Thanks very much for the thorough explanation, I will add tm:trt1 to
my
model to see expression changes in two condition.
Best wishes,
On Tue, Mar 20, 2012 at 7:51 PM, James W. MacDonald <jmacdon@uw.edu>
wrote:
> Hi Xuan,
>
>
> On 3/20/2012 2:13 PM, shao chunxuan wrote:
>
>> Hi Jim,
>>
>> Thanks for the reply, but I still have few more questions on the
>> regression model of limma.
>>
>> Time points are not evenly spreaded, the real experiments like
this:
>>
>> xx.1 <- c(0.5,1,3,6,12,24,72)
>> time <- rep(xx.1,2)
>>
>> The design matrix is
>> trt <- factor(rep(0:1, each = 7))
>> design=model.matrix(~time+trt)
>> colnames(design) <- c("Intercept","time","treat")
>>
>> > design
>> Intercept time treat
>> 1 1 0.5 0
>> 2 1 1.0 0
>> 3 1 3.0 0
>> 4 1 6.0 0
>> 5 1 12.0 0
>> 6 1 24.0 0
>> 7 1 72.0 0
>> 8 1 0.5 1
>> 9 1 1.0 1
>> 10 1 3.0 1
>> 11 1 6.0 1
>> 12 1 12.0 1
>> 13 1 24.0 1
>> 14 1 72.0 1
>> attr(,"assign")
>> [1] 0 1 2
>> attr(,"contrasts")
>> attr(,"contrasts")$trt
>> [1] "contr.treatment"
>>
>> Here is my understanding of what happens in limma
>>
>> In this case, Iimma is supposed to fit:
>> y=p0 + p1*time + p2*treat, and y=p0 + p1*time,
>> while time is quantitative variable, treat is group variable.
>> A F-statistic will be calculated and the corresponding pvalue will
be
>> used to determine significance.
>>
>> Is it right to understand in this way?
>>
>> The implementation is :
>> fit <- lmFit(ts.data, design) ## ts.data is the time-course data.
>> fit <- eBayes(fit)
>> xx.1 <- topTable(fit, coef="treat", adjust="BH")
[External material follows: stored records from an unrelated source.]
Lemma Ccont_on_boundary_minus f g x1 x2 y1 y2 :
  Ccont_on_boundary f x1 x2 y1 y2 -> Ccont_on_boundary g x1 x2 y1 y2 ->
  Ccont_on_boundary (fun z => f z - g z)%C x1 x2 y1 y2.
Proof. intros Hf Hg. generalize (on_boundary_and _ _ _ _ _ _ Hf Hg). apply on_boundary_impl. intros z [A B]. apply Ccont_minus; auto. Qed.

Lemma Ccont_on_boundary_scal c f x1 x2 y1 y2 :
  Ccont_on_boundary f x1 x2 y1 y2 -> Ccont_on_boundary (fun z => c * f z)%C x1 x2 y1 y2.
Proof. apply on_boundary_impl. intros z A. apply Ccont_scal; auto. Qed.

Lemma ex_RIntC_horizontal f x1 x2 y1 y2 a b y : Ccont_on_rect f x1 x2 y1 y2 ->
  x1 <= a -> a <= b -> b <= x2 -> y1 <= y <= y2 -> ex_RIntC (fun t => f (t, y)) a b.
Proof. intros H. intros. apply ex_RIntC_cont; auto. intros t Ht. apply RCcont_horizontal, H. unfold in_rect; simpl; lra. Qed.

Lemma ex_RIntC_vertical f x1 x2 y1 y2 a b x : Ccont_on_rect f x1 x2 y1 y2 ->
  y1 <= a -> a <= b -> b <= y2 -> x1 <= x <= x2 -> ex_RIntC (fun t => f (x, t)) a b.
Proof. intros H. intros. apply ex_RIntC_cont; auto. intros t Ht. apply RCcont_vertical, H. unfold in_rect; simpl; lra. Qed.

Section BoundaryIntegral.

Variables x1 x2 y1 y2 : R.
Hypothesis Hx : x1 <= x2.
Hypothesis Hy : y1 <= y2.

Lemma ex_RIntC_sides f : Ccont_on_boundary f x1 x2 y1 y2 ->
  ex_RIntC (fun t => f (t, y1)) x1 x2 /\ ex_RIntC (fun t => f (t, y2)) x1 x2 /\
  ex_RIntC (fun t => f (x1, t)) y1 y2 /\ ex_RIntC (fun t => f (x2, t)) y1 y2.
Proof.
  intros [H1 H2]. repeat split; apply ex_RIntC_cont; auto; intros t Ht.
  - apply RCcont_horizontal, H1; auto.
  - apply RCcont_horizontal, H1; auto.
  - apply RCcont_vertical, H2; auto.
  - apply RCcont_vertical, H2; auto.
Qed.

Lemma rect_int_plus f g : Ccont_on_boundary f x1 x2 y1 y2 -> Ccont_on_boundary g x1 x2 y1 y2 ->
  rect_int (fun z => f z + g z)%C x1 x2 y1 y2 = (rect_int f x1 x2 y1 y2 + rect_int g x1 x2 y1 y2)%C.
Proof.
  intros Hf Hg. destruct (ex_RIntC_sides f Hf) as (A1 & A2 & A3 & A4).
  destruct (ex_RIntC_sides g Hg) as (B1 & B2 & B3 & B4).
  unfold rect_int. rewrite !(RIntC_plus (fun t => f _) (fun t => g _)); auto. ring.
Qed.

Lemma rect_int_minus f g : Ccont_on_boundary f x1 x2 y1 y2 -> Ccont_on_boundary g x1 x2 y1 y2 ->
  rect_int (fun z => f z - g z)%C x1 x2 y1 y2 = (rect_int f x1 x2 y1 y2 - rect_int g x1 x2 y1 y2)%C.
Proof.
  intros Hf Hg. destruct (ex_RIntC_sides f Hf) as (A1 & A2 & A3 & A4).
  destruct (ex_RIntC_sides g Hg) as (B1 & B2 & B3 & B4).
  unfold rect_int. rewrite !(RIntC_minus (fun t => f _) (fun t => g _)); auto. ring.
Qed.

Lemma rect_int_scal c f : Ccont_on_boundary f x1 x2 y1 y2 ->
  rect_int (fun z => c * f z)%C x1 x2 y1 y2 = (c * rect_int f x1 x2 y1 y2)%C.
Proof.
  intros Hf. destruct (ex_RIntC_sides f Hf) as (A1 & A2 & A3 & A4).
  unfold rect_int. rewrite !(RIntC_scal c (fun t => f _)); auto. ring.
Qed.

Lemma rect_int_ext f g : on_boundary (fun z => f z = g z) x1 x2 y1 y2 ->
  rect_int f x1 x2 y1 y2 = rect_int g x1 x2 y1 y2.
Proof.
  intros [H1 H2]. unfold rect_int.
  rewrite (RIntC_ext (fun t => f (t, y1)) (fun t => g (t, y1))) by (auto; intros; apply H1; auto).
  rewrite (RIntC_ext (fun t => f (t, y2)) (fun t => g (t, y2))) by (auto; intros; apply H1; auto).
  rewrite (RIntC_ext (fun t => f (x1, t)) (fun t => g (x1, t))) by (auto; intros; apply H2; auto).
  rewrite (RIntC_ext (fun t => f (x2, t)) (fun t => g (x2, t))) by (auto; intros; apply H2; auto).
  reflexivity.
Qed.

Lemma rect_int_norm_le f M : Ccont_on_boundary f x1 x2 y1 y2 ->
  on_boundary (fun z => Cmod (f z) <= M) x1 x2 y1 y2 ->
  Cmod (rect_int f x1 x2 y1 y2) <= 2 * ((x2 - x1) + (y2 - y1)) * M.
Proof.
  intros Hf [H1 H2]. destruct (ex_RIntC_sides f Hf) as (A1 & A2 & A3 & A4).
  pose proof (RIntC_norm_le _ _ _ M Hx A1 ltac:(intros; apply H1; auto)).
  pose proof (RIntC_norm_le _ _ _ M Hx A2 ltac:(intros; apply H1; auto)).
  pose proof (RIntC_norm_le _ _ _ M Hy A3 ltac:(intros; apply H2; auto)).
  pose proof (RIntC_norm_le _ _ _ M Hy A4 ltac:(intros; apply H2; auto)).
  unfold rect_int. eapply Rle_trans. apply Cmod_triangle.
  eapply Rle_trans. apply Rplus_le_compat.
  - eapply Rle_trans. apply Cmod_triangle. rewrite Cmod_opp. apply Rle_refl.
  - rewrite Cmod_mult, Cmod_Ci, Rmult_1_l. eapply Rle_trans. apply Cmod_triangle. rewrite Cmod_opp. apply Rle_refl.
  - lra.
Qed.

Lemma rect_int_exact (F f : C -> C) :
  (forall z, in_rect x1 x2 y1 y2 z -> is_Cderive F z (f z)) -> Ccont_on_rect f x1 x2 y1 y2 ->
  rect_int f x1 x2 y1 y2 = RtoC 0.
Proof.
  intros HD HC.
  assert (Hh : forall y, y1 <= y <= y2 -> RIntC (fun t => f (t, y)) x1 x2 = (F (x2, y) - F (x1, y))%C).
  { intros y Hyy. apply (RIntC_derive (fun t => F (t, y))); auto.
    - intros t Ht. apply is_derive_horizontal, HD. unfold in_rect; simpl; lra.
    - intros t Ht. apply RCcont_horizontal, HC. unfold in_rect; simpl; lra. }
  assert (Hv : forall x, x1 <= x <= x2 -> (Ci * RIntC (fun t => f (x, t)) y1 y2)%C = (F (x, y2) - F (x, y1))%C).
  { intros x Hxx. rewrite <- RIntC_scal by (eapply ex_RIntC_vertical; eauto; lra).
    apply (RIntC_derive (fun t => F (x, t))); auto.
    - intros t Ht. apply is_derive_vertical, HD. unfold in_rect; simpl; lra.
    - intros t Ht. apply (RCcont_vertical (fun z => Ci * f z)%C), Ccont_scal, HC. unfold in_rect; simpl; lra. }
  unfold rect_int. rewrite !Hh by lra.
  replace (Ci * (RIntC (fun t => f (x2, t)) y1 y2 - RIntC (fun t => f (x1, t)) y1 y2))%C
    with (Ci * RIntC (fun t => f (x2, t)) y1 y2 - Ci * RIntC (fun t => f (x1, t)) y1 y2)%C by ring.
  rewrite !Hv by lra. ring.
Qed.

Lemma rect_int_affine (c0 c1 : C) : rect_int (fun z => c0 + c1 * z)%C x1 x2 y1 y2 = RtoC 0.
Proof.
  apply (rect_int_exact (fun z => c0 * z + (c1 / 2) * (z * z))%C).
  - intros z _. eapply is_Cderive_eq.
    + apply is_Cderive_plus; apply is_Cderive_scal; [apply is_Cderive_id | apply is_Cderive_mult; apply is_Cderive_id].
    + cbv beta. field.
  - intros z _. apply Ccont_plus. apply Ccont_const. apply Ccont_scal. apply Ccont_id.
Qed.

End BoundaryIntegral.

Lemma rect_int_split_x f x1 x2 y1 y2 m : x1 <= m <= x2 -> y1 <= y2 -> Ccont_on_rect f x1 x2 y1 y2 ->
  rect_int f x1 x2 y1 y2 = (rect_int f x1 m y1 y2 + rect_int f m x2 y1 y2)%C.
Proof.
  intros Hm Hy H. unfold rect_int.
  rewrite <- (RIntC_Chasles (fun t => f (t, y1)) x1 m x2) by (eapply ex_RIntC_horizontal; eauto; lra).
  rewrite <- (RIntC_Chasles (fun t => f (t, y2)) x1 m x2) by (eapply ex_RIntC_horizontal; eauto; lra).
  ring.
Qed.

Lemma rect_int_split_y f x1 x2 y1 y2 m : x1 <= x2 -> y1 <= m <= y2 -> Ccont_on_rect f x1 x2 y1 y2 ->
  rect_int f x1 x2 y1 y2 = (rect_int f x1 x2 y1 m + rect_int f x1 x2 m y2)%C.
Proof.
  intros Hx Hm H. unfold rect_int.
  rewrite <- (RIntC_Chasles (fun t => f (x1, t)) y1 m y2) by (eapply ex_RIntC_vertical; eauto; lra).
  rewrite <- (RIntC_Chasles (fun t => f (x2, t)) y1 m y2) by (eapply ex_RIntC_vertical; eauto; lra).
  ring.
Qed.

Lemma nonpos_of_le_small_multiples (c K e0 : R) : 0 < e0 ->
  (forall eps, 0 < eps < e0 -> c <= eps * K) -> c <= 0.
Proof.
  intros He0 H. destruct (Rle_lt_dec K 0) as [HK | HK].
  - specialize (H (e0 / 2) ltac:(lra)). nra.
  - destruct (Rle_lt_dec c 0) as [Hc | Hc]; auto.
    pose proof (Rmin_l (e0 / 2) (c / (2 * K))) as M1.
    pose proof (Rmin_r (e0 / 2) (c / (2 * K))) as M2.
    set (eps := Rmin (e0 / 2) (c / (2 * K))) in *.
    assert (Heps : 0 < eps) by (apply Rmin_pos; [lra | apply Rdiv_lt_0_compat; lra]).
    assert (eps * K <= c / 2).
    { apply (Rmult_le_compat_r K) in M2; [|lra]. replace (c / (2 * K) * K) with (c / 2) in M2 by (field; lra). exact M2. }
    specialize (H eps ltac:(lra)). lra.
Qed.

Lemma Cmod_le_small_multiples_0 (u : C) (K e0 : R) : 0 < e0 ->
  (forall eps, 0 < eps < e0 -> Cmod u <= eps * K) -> u = RtoC 0.
Proof.
  intros He0 H. apply Cmod_eq_0. pose proof (Cmod_ge_0 u).
  pose proof (nonpos_of_le_small_multiples _ _ _ He0 H). lra.
Qed.

(** * Goursat's theorem for rectangles *)

Lemma rect_int_near_derivative f zs l eps d x1 x2 y1 y2 :
  x1 <= x2 -> y1 <= y2 -> 0 <= eps -> Ccont_on_rect f x1 x2 y1 y2 -> in_rect x1 x2 y1 y2 zs ->
  (x2 - x1) + (y2 - y1) < d ->
  (forall h, Cmod h < d -> Cmod (f (zs + h) - f zs - h * l)%C <= eps * Cmod h) ->
  Cmod (rect_int f x1 x2 y1 y2) <= 2 * eps * (((x2 - x1) + (y2 - y1)) * ((x2 - x1) + (y2 - y1))).
Proof.
  intros Hx Hy He Hc [Hzx Hzy] Hsd Hdiff.
  set (s := (x2 - x1) + (y2 - y1)) in *.
  set (Lf := fun z => (f zs - zs * l + l * z)%C).
  assert (HLc : Ccont_on_boundary Lf x1 x2 y1 y2).
  { apply on_boundary_of_rect; auto. intros z _. unfold Lf. apply Ccont_plus; [apply Ccont_const | apply Ccont_scal, Ccont_id]. }
  assert (Hfc : Ccont_on_boundary f x1 x2 y1 y2) by (apply Ccont_on_rect_boundary; auto).
  assert (E0 : rect_int f x1 x2 y1 y2 = rect_int (fun z => f z - Lf z)%C x1 x2 y1 y2).
  { rewrite rect_int_minus; auto. unfold Lf. rewrite rect_int_affine; auto. ring. }
  rewrite E0. replace (2 * eps * (s * s)) with (2 * s * (eps * s)) by ring.
  apply rect_int_norm_le; auto.
  - apply Ccont_on_boundary_minus; auto.
  - apply on_boundary_of_rect; auto. intros z [Hz1 Hz2].
    assert (Hzs : Cmod (z - zs) <= s).
    { eapply Rle_trans. apply Cmod_le_Rabs_fst_snd. unfold s. simpl.
      unfold Rabs. destruct (Rcase_abs _); destruct (Rcase_abs _); lra. }
    specialize (Hdiff (z - zs)%C ltac:(lra)). replace (zs + (z - zs))%C with z in Hdiff by ring.
    unfold Lf. replace (f z - (f zs - zs * l + l * z))%C with (f z - f zs - (z - zs) * l)%C by ring.
    eapply Rle_trans. exact Hdiff. apply Rmult_le_compat_l; lra.
Qed.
>> xx.2 <- topTable(fit, coef="time", adjust="BH")
>>
>> So xx.1 means the differentially expressed genes between the two
>> treatments, after adjusting for the time effect, right? what does
xx.2 mean?
>>
>
> xx.2 gives you those genes where the slope of the fitted line is
> significantly different from zero. In other words, these are the
genes that
> appear to go up or down as time progresses.
>
> You should note two things here. First, since you don't have
replicates,
> we are forced to use the time points as continuous covariates rather
than
> factor levels. This means that you are looking for a linear response
to
> time (e.g., genes that go up or down more as time progresses). This
is not
> normally what one would want to do, as it is more likely that a gene
will
> go up for a bit and then go back down (or vice versa). To account
for that
> curvature in the expression, you might want to add a time^2
covariate as
> well.
>
> Second, linear regression is in some ways more complicated than
analysis
> of variance, and if you were just fitting a single model you would
be able
> to assess how well your model was conforming to the assumptions of
> regression, test to see if you need a quadratic time term, look for
data
> with high leverage that might be skewing your results, etc. For
ANOVA, you
> are in general just testing to see if the mean of the groups are
different.
>
> When doing microarray analysis, you just fit what you hope is a
generally
> reasonable model and let it rip on thousands of genes at once. There
is no
> way to check all the little details of a linear regression on
thousands of
> models, so you may (will?) have numerous genes that are clearly
> mis-specified by the model you fit, or have glaring inconsistencies
that
> cause them to appear significant when it is just that the model is
really
> wrong.
>
> So that is my long winded way of saying that you are not IMO
analyzing
> your data in an optimal way, but you are forced to do so by the lack
of
> replication. So for each 'significant' gene you find, you should
look at
> plots of expression vs time prior to attempting validation.
>
>
>
> I am more interested in finding genes changed in time course in
>> treatment, after adjusting for the control.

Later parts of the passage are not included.